___ SOURCE DATA ___
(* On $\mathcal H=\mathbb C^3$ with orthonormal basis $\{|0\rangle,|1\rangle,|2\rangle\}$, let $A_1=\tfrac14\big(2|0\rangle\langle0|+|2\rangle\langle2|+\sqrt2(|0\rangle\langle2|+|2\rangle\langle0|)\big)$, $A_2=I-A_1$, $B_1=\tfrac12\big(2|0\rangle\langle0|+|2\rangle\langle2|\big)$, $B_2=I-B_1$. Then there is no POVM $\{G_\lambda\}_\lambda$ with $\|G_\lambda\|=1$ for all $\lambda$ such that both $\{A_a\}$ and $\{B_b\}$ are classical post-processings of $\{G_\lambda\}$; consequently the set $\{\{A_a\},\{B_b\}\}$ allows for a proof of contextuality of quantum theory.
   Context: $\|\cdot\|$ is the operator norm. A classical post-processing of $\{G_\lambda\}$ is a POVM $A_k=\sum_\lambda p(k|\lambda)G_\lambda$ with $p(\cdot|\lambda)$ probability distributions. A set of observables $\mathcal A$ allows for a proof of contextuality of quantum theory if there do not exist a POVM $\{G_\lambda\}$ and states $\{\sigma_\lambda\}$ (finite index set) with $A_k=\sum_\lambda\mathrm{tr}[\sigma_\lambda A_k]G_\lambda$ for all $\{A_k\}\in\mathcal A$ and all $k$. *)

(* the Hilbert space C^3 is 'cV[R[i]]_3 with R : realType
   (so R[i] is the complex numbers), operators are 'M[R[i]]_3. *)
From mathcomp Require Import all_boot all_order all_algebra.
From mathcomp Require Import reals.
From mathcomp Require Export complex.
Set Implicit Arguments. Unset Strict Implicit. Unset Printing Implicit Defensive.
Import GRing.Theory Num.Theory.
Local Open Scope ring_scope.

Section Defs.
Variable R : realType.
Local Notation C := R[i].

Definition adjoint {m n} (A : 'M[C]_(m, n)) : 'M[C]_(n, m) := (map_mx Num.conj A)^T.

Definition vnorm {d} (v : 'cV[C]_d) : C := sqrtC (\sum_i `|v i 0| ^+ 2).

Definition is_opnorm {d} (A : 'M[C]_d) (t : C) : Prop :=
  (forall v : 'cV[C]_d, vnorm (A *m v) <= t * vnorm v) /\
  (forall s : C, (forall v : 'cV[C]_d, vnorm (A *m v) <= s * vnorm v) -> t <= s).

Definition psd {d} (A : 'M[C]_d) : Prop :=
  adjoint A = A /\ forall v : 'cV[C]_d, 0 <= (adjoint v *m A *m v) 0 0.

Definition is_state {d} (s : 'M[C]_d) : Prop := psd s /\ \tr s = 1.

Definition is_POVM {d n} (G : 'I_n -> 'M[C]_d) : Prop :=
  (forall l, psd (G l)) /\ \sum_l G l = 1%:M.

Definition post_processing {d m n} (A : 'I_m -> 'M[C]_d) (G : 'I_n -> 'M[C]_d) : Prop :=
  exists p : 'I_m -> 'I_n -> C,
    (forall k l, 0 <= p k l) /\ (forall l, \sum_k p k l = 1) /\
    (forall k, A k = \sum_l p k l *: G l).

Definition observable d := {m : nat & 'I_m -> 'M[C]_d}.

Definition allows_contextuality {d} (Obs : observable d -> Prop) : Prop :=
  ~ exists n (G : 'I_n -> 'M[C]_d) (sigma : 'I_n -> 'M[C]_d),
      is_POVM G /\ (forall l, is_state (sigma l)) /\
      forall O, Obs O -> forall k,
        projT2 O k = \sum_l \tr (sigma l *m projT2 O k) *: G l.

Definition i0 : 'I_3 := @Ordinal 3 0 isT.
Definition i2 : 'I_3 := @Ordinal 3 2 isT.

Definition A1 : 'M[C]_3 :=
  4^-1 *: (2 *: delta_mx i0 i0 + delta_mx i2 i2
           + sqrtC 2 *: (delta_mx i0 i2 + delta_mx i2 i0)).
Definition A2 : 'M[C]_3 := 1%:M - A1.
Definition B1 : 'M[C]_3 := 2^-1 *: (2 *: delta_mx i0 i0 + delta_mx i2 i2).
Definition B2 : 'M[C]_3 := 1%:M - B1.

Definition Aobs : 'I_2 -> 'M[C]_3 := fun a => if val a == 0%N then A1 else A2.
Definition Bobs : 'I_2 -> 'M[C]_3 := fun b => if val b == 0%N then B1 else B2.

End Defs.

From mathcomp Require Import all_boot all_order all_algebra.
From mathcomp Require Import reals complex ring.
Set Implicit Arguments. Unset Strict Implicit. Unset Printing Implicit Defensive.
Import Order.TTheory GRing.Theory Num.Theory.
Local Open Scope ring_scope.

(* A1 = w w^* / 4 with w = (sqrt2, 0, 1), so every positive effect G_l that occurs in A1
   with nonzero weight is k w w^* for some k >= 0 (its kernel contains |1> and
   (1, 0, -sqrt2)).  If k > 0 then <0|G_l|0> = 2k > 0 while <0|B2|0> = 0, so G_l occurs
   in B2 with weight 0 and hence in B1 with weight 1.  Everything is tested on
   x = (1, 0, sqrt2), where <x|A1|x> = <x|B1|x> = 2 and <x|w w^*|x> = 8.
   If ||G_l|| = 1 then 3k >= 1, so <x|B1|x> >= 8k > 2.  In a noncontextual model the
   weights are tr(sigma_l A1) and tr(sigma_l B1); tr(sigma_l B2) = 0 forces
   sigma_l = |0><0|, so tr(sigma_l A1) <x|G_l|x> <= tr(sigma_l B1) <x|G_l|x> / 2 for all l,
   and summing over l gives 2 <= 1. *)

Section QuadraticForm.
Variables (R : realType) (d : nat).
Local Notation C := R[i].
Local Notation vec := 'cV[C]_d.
___
TASK PROMPT: Check every line above for the string "From" and copy those that have it.

REPLY TO THE TASK:
From mathcomp Require Import all_boot all_order all_algebra.
From mathcomp Require Import reals.
From mathcomp Require Export complex.
From mathcomp Require Import all_boot all_order all_algebra.
From mathcomp Require Import reals complex ring.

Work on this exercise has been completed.